The consequences of the unlikely defeat of a Roman army over 2,000 years ago have lessons for the 'War in Iraq', according to a new book.
Historian Dr Gareth Sampson from The University of Manchester says there are strong parallels between the defeat of the feared Roman General Crassus in Mesopotamia - modern day Iraq - and the American and British led invasion of the country in 2003 in 'The Defeat of Rome' - published this month.
He said: "If history repeats itself - and I fear it will - its not unreasonable to argue that the world may face centuries of conflict.
"The battle of Carrhae halted the expansion of the Roman Empire and was the culmination of a century long process of Rome's desire for international security.
"The model of international affairs used by the Roman Republic two thousand years ago follows a process of intervention, then occupation and finally annexation; a clear warning for today.
"But it set up 700 years of political instability and conflict, setting the scene for the rise of Islam and the opposition of East and West.
"But more immediately, it led to the civil war between Pompey and Caesar, the end of the Republic, and Dictatorship."
Dr Sampson says the Roman Republic's disastrous attack on the Parthian Empire in 53 BC led to 700 years of conflict and was the was the first failure of a great Western Empire to invade the region.
Though only 10,000 Parthians took on a 40,000 strong Roman Army there were huge Romans losses. At least 20,000 Romans were killed and another 10,000 taken into captivity.
Crassus was defeated by the brilliant Parthian General Surenas who for the first time solely relied on archers on horseback, helped by an unlimited supply of arrows from camels alongside.
This showed that superior military might could be defeated by a smaller and more tactically astute foe.
He added: "Crassus -who was famed and feared for defeating Spartacus - thought an easy victory against Parthia would improve his standing with Roman opinion.

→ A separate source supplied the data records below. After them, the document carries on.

Lemma prod_raising_coef : \prod_(k < s) raising_coef k = (s`!)%:R.
Proof.
rewrite (eq_bigr _ (fun (k : 'I_s) _ => raising_coefE _ (ltn_ord k))).
rewrite -(big_morph _ (rmorphM (@real_complex R)) (rmorph1 _)).
rewrite (sqrtr_prod (fun k => ler0n _ ((s - k) * k.+1))).
rewrite -natr_prod big_split /= -ffact_prod ffactnn.
rewrite (_ : (\prod_(k < s) k.+1)%N = s`!); last first.
  by rewrite fact_prod big_add1 /= big_mkord.
by rewrite natrM -expr2 sqrtr_sqr ger0_norm ?ler0n // rmorph_nat.
Qed.

End SpinRaising.

Lemma Sminus_pow_mpo (R : realType) n s (i j : bits n) :
  Sminus_pow_elem R n s i j = mpo R s.+1 (Otilde R s) (Xtilde R s) n i j.
Proof.
rewrite /Sminus_pow_elem Sminus_iter_ket /mpo /mxprod /Xtilde mxtrace_mul_delta.
rewrite (Otilde_prod _ _ _ _ (fun k => i k) (fun k => j k)).
rewrite has_bits_gt count_bits_lowered.
case: (bits_le i j) => /=; last by rewrite mxE.
rewrite Jplus_pow_entry eq_sym.
case: eqP => [<-|_]; last by rewrite mulr0.
by rewrite mulr1 prod_raising_coef.
Qed.

Section Magnon.
Variables (R : realType) (n : nat).
Local Notation C := R[i].
Local Notation w := (omega R n).

Lemma mul_conj_omega : conjc w * w = 1.
Proof.
rewrite /omega; set c := cos _; set sn := sin _.
have c2s2 : c ^+ 2 + sn ^+ 2 = 1 by rewrite /c /sn cos2Dsin2.
by simpc; rewrite -!expr2 c2s2 [sn * c]mulrC subrr.
Qed.

Lemma A_mag_prod00 (I : Type) (r : seq I) (f : I -> bool) :
  (\big[mulmx/1%:M]_(k <- r) A_mag R n (f k)) 0 0 = (all f r)%:R.
Proof.
elim: r => [|x r IH]; first by rewrite big_nil !mxE.
rewrite big_cons !mxE !big_ord_recl big_ord0 addr0 /=.
have -> : lift ord0 ord0 = 1 :> 'I_2 by apply: val_inj.
have -> : ord0 = 0 :> 'I_2 by apply: val_inj.
rewrite IH /A_mag; case: (f x); rewrite /= !mxE /=; last by rewrite !mul0r addr0.
by rewrite !mulr0 addr0 add0r mul1r mul0r addr0.
Qed.

Lemma A_mag_prod10 (I : Type) (r : seq I) (f : I -> bool) :
  (\big[mulmx/1%:M]_(k <- r) A_mag R n (f k)) 1 0 =
  if count (fun k => ~~ f k) r == 1%N then w ^+ index false (map f r) else 0.
Proof.
elim: r => [|x r IH]; first by rewrite big_nil !mxE.
rewrite big_cons !mxE !big_ord_recl big_ord0 addr0 /=.
have -> : lift ord0 ord0 = 1 :> 'I_2 by apply: val_inj.
have -> : ord0 = 0 :> 'I_2 by apply: val_inj.
rewrite IH A_mag_prod00 /A_mag; case: (f x); rewrite /= !mxE /=.
  by rewrite mulr0 mulr1 !add0r mul0r add0n; case: ifP; rewrite ?mulr0 ?add0r // exprS.
rewrite mul1r mul0r addr0 add1n eqSS expr0.
rewrite (_ : all f r = (count (fun k => ~~ f k) r == 0%N)); first by case: eqP.
by rewrite eqn0Ngt -has_count (has_predC f) negbK.
Qed.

"This was important for him as his rival Caesar was particularly popular at that time after his own successful invasion of Gaul - and Crassus felt he needed to similarly prove himself.
"But it was a disaster: the archers put the Romans under perpetual fire and seven Roman legions were defeated- and it was the biggest loss since Hannibal-s defeat of the Romans in the summer of 216 BC.
"Crassus himself had his head and hands cut off and his gold filled skull went on display at the Parthian Court.
"The Parthian Empire- which stretched from modern day India to Iraq - more than matched the might of Rome."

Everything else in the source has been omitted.